The statistical analysis showed that radionuclide activity meter variation, as measured by the constancy, had a statistically significant but relatively small impact on the calculated calibration factor. Based on the results, an increase of 1.5 MBq (equal to one standard deviation of the radionuclide activity meter constancy measurement) in the calibration source activity measured with the radionuclide activity meter would result in a decrease of 2.5% in CFrA and 1.7% in CFdA.
As mentioned, we used two methods to calculate the calibration factor. The factor CFrA was calculated using the calibration source activity measured with the radionuclide activity meter each day of the calibration source acquisition. The standard deviation over the 84 measurements was equal to 2.3%, and the main component of the variance was the intra-calibration source variance. The inter-calibration source variance component was close to zero. Poisson noise introduced by the count acquisition process should ideally comprise the majority of intra-calibration source variance, but represented only 3.3% of the variance. This indicated that variability due to measurement of the same calibration source was a significant source of error. This suggests that careful and repeated measurement of calibration source activity is an important way to reduce calibration factor variability.

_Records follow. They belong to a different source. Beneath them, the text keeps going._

(* Let $\mathcal{F}$ be a finite set of graphs. For every integer $T>0$ and real $\lambda>0$: (i) with $r=\sqrt{T+1}\,n$ and $n\ge r^2/\lambda^2$, $\mathsf{VC}\text{-}\mathsf{dim}\big(\mathbb{H}_{r,\lambda}(\mathcal{E}_{\mathsf{WL},\mathcal{F}}(n,d_T))\big)\in\Theta(r^2/\lambda^2)$; (ii) with $r=\sqrt{T/(T+1)}$ and $n\ge r^2/\lambda^2$, $\mathsf{VC}\text{-}\mathsf{dim}\big(\mathbb{H}_{1,\lambda}(\overline{\mathcal{E}}_{\mathsf{WL},\mathcal{F}}(n,d_T))\big)\in\Theta(1/\lambda^2)$.
   Context: $\mathcal{G}_n$ is the set of (unlabeled, simple, undirected) graphs on $n$ vertices. For a finite set of graphs $\mathcal{F}$, the $1$-WL$_{\mathcal{F}}$ colouring of $G$: $C^{1,\mathcal{F}}_0(v)=(\ell_F(v))_{F\in\mathcal{F}}$, where $\ell_F(v)=1$ if $v$ lies in some $X\subseteq V(G)$ with $G[X]$ isomorphic to $F$ and $0$ otherwise; $C^{1,\mathcal{F}}_t(v)=\mathsf{RELABEL}(C^{1,\mathcal{F}}_{t-1}(v),\{\!\{C^{1,\mathcal{F}}_{t-1}(u):u\in N(v)\}\!\})$ with a fixed injective $\mathsf{RELABEL}$ shared by all graphs. With $\Sigma_t$ the set of colours occurring at round $t$ over all of $\mathcal{G}_n$, $\phi_{\mathcal{F},t}(G)_c$ is the number of vertices of $G$ with colour $c$ at round $t$; $\phi^{(T)}_{\mathsf{WL},\mathcal{F}}(G)=[\phi_{\mathcal{F},0}(G),\dots,\phi_{\mathcal{F},T}(G)]\in\mathbb{R}^{d_T}$, and $\overline{\phi^{(T)}_{\mathsf{WL},\mathcal{F}}}$ is its normalisation to unit Euclidean norm. $\mathcal{E}_{\mathsf{WL},\mathcal{F}}(n,d_T)=\{\phi^{(T)}_{\mathsf{WL},\mathcal{F}}\}$, $\overline{\mathcal{E}}_{\mathsf{WL},\mathcal{F}}(n,d_T)=\{\overline{\phi^{(T)}_{\mathsf{WL},\mathcal{F}}}\}$. A sample $(\mathbf{x}_i,y_i)_{i\le s}\subset\mathbb{R}^d\times\{0,1\}$ is $(r,\lambda)$-separable if the $\mathbf{x}_i$ lie in a ball of radius $r$ and the distance between the convex hulls of the two classes is at least $2\lambda$. $\mathbb{H}_{r,\lambda}(\mathcal{E})$ is the set of partial concepts $h:\mathcal{G}_n\to\{0,1,\star\}$ such that every finite list of graphs in $\{G:h(G)\neq\star\}$, labelled by $h$ and embedded by some $\mathrm{emb}\in\mathcal{E}$, is $(r,\lambda)$-separable. VC dimension of a partial concept class: the largest size of a set $\{x_1,\dots,x_m\}$ such that every $\tau\in\{0,1\}^m$ is realised as $h(x_i)=\tau_i$ by some $h$ in the class. *)

From HB Require Import structures.
From mathcomp Require Import all_boot all_order all_algebra all_fingroup.
From mathcomp Require Import boolp.
From mathcomp Require Import Rstruct.

Set Implicit Arguments. Unset Strict Implicit. Unset Printing Implicit Defensive.
Import Order.TTheory GRing.Theory Num.Theory.
Local Open Scope ring_scope.

Definition is_sgraph n (E : {set 'I_n * 'I_n}) : bool :=
  [forall x, forall y, ((x, y) \in E) == ((y, x) \in E)] && [forall x, (x, x) \notin E].

Definition graph (n : nat) := {E : {set 'I_n * 'I_n} | is_sgraph E}.

Definition adj n (G : graph n) (x y : 'I_n) : bool := (x, y) \in sval G.

Definition giso n (G G' : graph n) : bool :=
  [exists s : {perm 'I_n}, [forall x, forall y, adj G x y == adj G' (s x) (s y)]].

(* unlabelled graphs on n vertices (the set G_n): isomorphism classes *)
Definition ugraph (n : nat) :=
  {C : {set graph n} | [exists G, C == [set G' | giso G G']]}.

Definition anygraph := {k : nat & graph k}.

(* l_F(v) = 1 iff v lies in some X with G[X] isomorphic to F:
   X is the image of an injective map f : V(F) -> V(G) that is an
   isomorphism F ~ G[X]. *)
Definition inF n (F : anygraph) (G : graph n) (v : 'I_n) : bool :=
  let: existT k H := F in
  [exists f : {ffun 'I_k -> 'I_n},
     [&& injectiveb f,
         [forall i, forall j, adj H i j == adj G (f i) (f j)] &
         v \in codom f]].

(* Colours are trees; RELABEL(c, M) := Node 1 (c :: canonical sorted list of M),
   which is injective in (c, multiset M). *)
Definition colour := GenTree.tree nat.
Definition cle (a b : colour) : bool := (pickle a <= pickle b)%N.
Definition relabel (c : colour) (M : seq colour) : colour :=
  GenTree.Node 1 (c :: sort cle M).

Fixpoint wl (Fs : seq anygraph) n (G : graph n) (t : nat) (v : 'I_n) : colour :=
  match t with
  | 0 => GenTree.Node 0 [seq GenTree.Leaf (nat_of_bool (inF F G v)) | F <- Fs]
  | t'.+1 => relabel (wl Fs G t' v) [seq wl Fs G t' u | u <- enum 'I_n & adj G v u]
  end.

(* all (round, colour) pairs with round <= T occurring over G_n:
   the disjoint union Sigma_0 + ... + Sigma_T *)
Definition colour_list (Fs : seq anygraph) (n T : nat) : seq (nat * colour) :=
  undup (flatten [seq flatten [seq [seq (t, wl Fs G t v) | v <- enum 'I_n]
                              | G <- enum {: graph n}] | t <- iota 0 T.+1]).

(* coordinate index type, of cardinality d_T *)
Definition cindex (Fs : seq anygraph) (n T : nat) := seq_sub (colour_list Fs n T).

Definition vec (I : finType) := I -> Rdefinitions.R.

Definition enorm (I : finType) (x : vec I) : Rdefinitions.R := Num.sqrt (\sum_(i : I) x i ^+ 2).
Definition edist (I : finType) (x y : vec I) : Rdefinitions.R := enorm (fun i => x i - y i).

Definition phiL (Fs : seq anygraph) (n T : nat) (G : graph n) : vec (cindex Fs n T) :=
  fun i => (#|[set v : 'I_n | wl Fs G (ssval i).1 v == (ssval i).2]|)%:R.

(* on unlabelled graphs: via any representative (phiL is isomorphism invariant) *)
Definition phi (Fs : seq anygraph) (n T : nat) (C : ugraph n) : vec (cindex Fs n T) :=
  match [pick G in sval C] with Some G => @phiL Fs n T G | None => fun _ => 0 end.

Definition phibar (Fs : seq anygraph) (n T : nat) (C : ugraph n) : vec (cindex Fs n T) :=
  fun i => @phi Fs n T C i / enorm (@phi Fs n T C).

Definition E_WL (Fs : seq anygraph) (n T : nat) (e : ugraph n -> vec (cindex Fs n T)) : Prop :=
  e = @phi Fs n T.
Definition Ebar_WL (Fs : seq anygraph) (n T : nat) (e : ugraph n -> vec (cindex Fs n T)) : Prop :=
  e = @phibar Fs n T.

Definition in_hull_class (I : finType) s (x : 'I_s -> vec I) (y : 'I_s -> bool)
    (b : bool) (p : vec I) : Prop :=
  exists a : 'I_s -> Rdefinitions.R,
    [/\ forall k, 0 <= a k,
        forall k, y k != b -> a k = 0,
        \sum_(k | y k == b) a k = 1 &
        forall i, p i = \sum_(k | y k == b) a k * x k i].

Definition separable (I : finType) s (x : 'I_s -> vec I) (y : 'I_s -> bool)
    (r lam : Rdefinitions.R) : Prop :=
  (exists c : vec I, forall k, edist (x k) c <= r) /\
  (forall p q, in_hull_class x y false p -> in_hull_class x y true q ->
     2 * lam <= edist p q).

(* partial concepts: None stands for the undefined value (star) *)
Definition pconcept (X : Type) := X -> option bool.

Definition Hclass (X : Type) (I : finType) (r lam : Rdefinitions.R) (E : (X -> vec I) -> Prop)
    (h : pconcept X) : Prop :=
  forall s (g : 'I_s -> X), (forall k, h (g k) != None) ->
    exists emb, E emb /\ separable (fun k => emb (g k)) (fun k => odflt false (h (g k))) r lam.
(* Let $K$ be a field, $S=K[x_1,\ldots,x_n]$, and let $I\subset S$ be a monomial ideal minimally generated by $q$ monomials $m_1,\ldots,m_q$. Label each vertex $\ell_{i,j}$ ($1\le i\le j\le q$) of the simplicial complex $\mathbb{M}_q^2$ by the monomial $m_im_j$. Then: (a) $\mathbb{M}_q^2$ supports a free resolution of $I^2$; (b) $\mathbb{M}^2(I)$ supports a free resolution of $I^2$.
   Context: Simplicial complexes: a simplicial complex on a vertex set is a collection of subsets closed under taking subsets; $\langle F_1,\ldots,F_r\rangle$ denotes the complex whose facets (maximal faces) are $F_1,\ldots,F_r$. Definition of $\mathbb{M}_q^2$: take the vertex set $V=\{\ell_{i,j}: 1\le i\le j\le q\}$, let $\mathcal{M}=\{\ell_{i,j}:1\le i<j\le q\}$ and $\mathcal{M}_i=\mathcal{M}\cup\{\ell_{i,i}\}$ for $i\in[q]$. Then $\mathbb{M}_q^2=\langle \mathcal{M}_1,\ldots,\mathcal{M}_q\rangle$. We write $\ell_{j,i}=\ell_{i,j}$. Definition of $\mathbb{M}^2(I)$: label each vertex $\ell_{i,j}$ of $\mathbb{M}_q^2$ with $m_im_j$. For any indices $i,j,u,v\in[q]$ with $\{i,j\}\ne\{u,v\}$ such that $m_im_j\mid m_um_v$: if $m_im_j=m_um_v$ and $i=\min\{i,j,u,v\}$, delete the vertex $\ell_{i,j}$; if $m_im_j\neq m_um_v$, delete the vertex $\ell_{u,v}$. $\mathbb{M}^2(I)$ is the induced subcomplex of $\mathbb{M}_q^2$ on the remaining vertices, with each face labeled by the lcm of the labels of its vertices. Supporting a free resolution: given a simplicial complex $\Delta$ whose vertices are labeled by monomials generating an ideal $J$, label each face $\tau$ by $m_\tau=\operatorname{lcm}$ of its vertex labels. $\Delta$ supports a free resolution of $J$ if the homogenization of the (augmented) simplicial chain complex of $\Delta$ with respect to these labels (in the sense of Bayer–Peeva–Sturmfels: the free module in homological degree $i$ has a basis indexed by the $i$-dimensional faces $\tau$, in multidegree $m_\tau$, with differential $\tau\mapsto\sum \pm (m_\tau/m_{\tau\setminus v})\,(\tau\setminus v)$) is a free resolution of $J$. *)

From HB Require Import structures.
From mathcomp Require Import all_boot all_order all_algebra.
From mathcomp Require Import mpoly.
Set Implicit Arguments. Unset Strict Implicit. Unset Printing Implicit Defensive.
Import GRing.Theory.
Local Open Scope ring_scope.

Averaging the calibration source activity over measurements made on different days resulted in reduced importance of the intra-source variance. The most important variance components for the calibration factor CFdA, which used the average of the measured calibration source activity over the three time points, were the inter-calibration source (77%), intra-calibration source (14%), and background count rate components (9%). Approximately 54% of this intra-calibration source variation was explained by variance due to Poisson noise, which could be reduced by longer calibration source image acquisition times or higher calibration source activities. The use of the average of the calibration source activity decreased the standard deviation of the calibration factor to 1.8%, a 23% reduction, and decreased the effect of radionuclide activity meter variability on the calibration factor estimate. This indicates that the radionuclide activity meter should not be considered as a simple fixed effect but as a combination of fixed and random effects. A part of the random component may be due to the variable positioning of the calibration source inside the radionuclide activity meter leading to variability of the calibration source activity measurement . The remaining variance in the intra-calibration source component may be due to the variability of the bed speed during the whole-body acquisition, the calibration source position in the camera field of view, the calibration source position on the bed, or variations in the distance between the calibration source and the detectors. Imprecision or inaccuracy in the manually recorded time of the calibration source activity measurement or unsynchronized clocks between the radionuclide activity meter and the camera may also explain some of this intra-calibration source variance component.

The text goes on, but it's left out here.